Lola Jordan Hover image

Diversity is important

“There will be many days where you walk in a room and no one else looks like you. If you are in the room, you deserve to be there so use your voice and contribute to the discussion. Diverse points of views always lead to great discussion, which ultimately produce the best solutions. For someone just getting started, know that you have to be open to new opportunities. You may not know all of the answers in the beginning, but the growth — and the fun — is in the journey.” 
— Robyn Watson, a manager for ICT infrastructure solutions, has worked for BlueCross for 10 years. 

Robyn Watson Hover image

Knowledge is key

Shashi Tippabhatla Hover image
Brittnii Cooper Hover image

“Through my IT career, I have seen a steady increase in the number of women in the tech sector. The opportunities are the same for all in the tech sector. I think there is an initial hesitation for women to jump on highly technical projects. I was one of those women. I am proof that gaining knowledge and experience while working with a team of knowledgeable professionals is far more valuable than formal training courses and reading books on the subject. I found strength in looking up to the women in leadership roles, who encourage and support me. My advice is to be an avid and a committed learner, to always be aware of new and interesting developments in the technology arena. Find and join mentoring programs, so you can network with other women, exchange ideas and explore work possibilities. Whether entering an IT job or advancing in an IT job, what matters are only your capabilities, skills and strengths.” 
— Shashi Tippabhatla, senior business systems analyst, has worked for BlueCross for 10 years.   

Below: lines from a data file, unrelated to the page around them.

Lemma le_limit F G : continuous_at n W w F -> continuous_at n W w G ->
  (forall e, 0 < e -> exists y, W y /\ dist n w y < e /\ F y <= G y) -> F w <= G w.
Proof.
  intros HF HG Happ. destruct (Rle_or_lt (F w) (G w)) as [H|H]; [exact H|].
  destruct (continuous_at_both F G ((F w - G w) / 2) HF HG) as (d & Hd & Hc); [lra|].
  destruct (Happ d Hd) as (y & Hy & Hdy & Hle).
  destruct (Hc y Hy Hdy) as [HFy HGy]. apply Rabs_def2 in HFy; apply Rabs_def2 in HGy. lra.
Qed.

Lemma eq_limit F G : continuous_at n W w F -> continuous_at n W w G ->
  (forall e, 0 < e -> exists y, W y /\ dist n w y < e /\ F y = G y) -> F w = G w.
Proof.
  intros HF HG Happ. apply Rle_antisym; [apply le_limit|apply le_limit]; auto;
    intros e He; destruct (Happ e He) as (y & Hy & Hdy & Heq); exists y; repeat split; auto; lra.
Qed.

End Continuity.

(** ** Answers of A are limits of answers on non-null instances *)

Section Approximation.

Variables (Q : R -> Prop) (hQ : is_subfield Q) (P : problem)
  (hP : forall S, P S -> wf_structure Q S)
  (A : algorithm) (hA : is_algorithm Q P A)
  (hSP : uses_symbolic_perturbation Q P A)
  (C : forall S : structure, vec -> Prop) (hC : null_case Q P C).

Lemma run_approximable S w e : P S -> sW S w -> 0 < e ->
  exists y, sW S y /\ ~ C S y /\ dist (sn S) w y < e /\ run A S y = run A S w.
Proof.
  intros HS Hw He.
  assert (Hwq : inQn Q (sn S) w) by exact (proj1 (proj1 (proj2 (hP S HS))) w Hw).
  destruct (hSP S HS w Hw) as (h & Hh1 & Hh0 & Hhc & Hcont & Hnodes & Hties).
  assert (Hh : direction Q (sn S) h) by exact (conj Hh1 (conj Hh0 Hhc)).
  pose proof (run_stable Q hQ (sn S) (sW S) h w (atb A S w) (atree A S) nil Hwq Hw Hh
                (fun v Hv => conj (proj2 (hA S HS v Hv)) (Hnodes v Hv)) Hties) as Hstable.
  destruct (near_perturbed_witness Q hQ (sn S) (sW S) (C S) h w _ e Hwq Hh Hcont
              (hC S HS) Hstable He) as (y & HWy & HnC & Hdy & Hrun).
  exists y; repeat split; auto.
  destruct (hSP S HS y HWy) as (hy & Hy1 & Hy0 & Hyc & _ & _ & Htiesy).
  exact (Hrun hy (atb A S y) (conj Hy1 (conj Hy0 Hyc)) Htiesy).
Qed.

Lemma solution_approximable S w (Pr : vec -> sL S -> Prop) : P S -> sW S w ->
  (forall y, sW S y -> ~ C S y -> exists l, run A S y = Some l /\ Pr y l) ->
  exists l, run A S w = Some l /\
    forall e, 0 < e -> exists y, sW S y /\ dist (sn S) w y < e /\ Pr y l.
Proof.
  intros HS Hw Hsolved.
  destruct (run_approximable S w 1 HS Hw ltac:(lra)) as (y0 & Hy0 & HnC0 & _ & Hrun0).
  destruct (Hsolved y0 Hy0 HnC0) as (l & Hl & _).
  exists l; split; [congruence|]. intros e He.
  destruct (run_approximable S w e HS Hw He) as (y & Hy & HnC & Hdy & Hrun).
  destruct (Hsolved y Hy HnC) as (l' & Hl' & HPr).
  exists y; repeat split; auto. replace l with l' by congruence. exact HPr.
Qed.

“I found that technology is actually a great field for women because it fundamentally attempts to equalize power and neutralize gender biases. In IT, knowledge is power: knowledge of the system, knowledge of the infrastructure, knowledge of the processes, knowledge of the customer use cases. Knowledge is value. My advice is to empower yourself by accepting that there will be inadvertent biases while knowing that you have the power to squash them with knowledge.” 
— Brittnii Watts Cooper, a technology research analyst, has worked for BlueCross for almost seven years. 

Support other women

“It’s so important to elevate and support other women in Tech. Mentor, promote and build each other up. It’s amazing how much you can learn and grow by helping other women do the same. My advice for other women in tech is to be confident, be honest and be yourself. You have more to contribute than you may think.”
— Jamie Evermann, manager of infrastructure design solutions, manages a team of software and infrastructure solution designers and has worked for BlueCross for almost 17 years.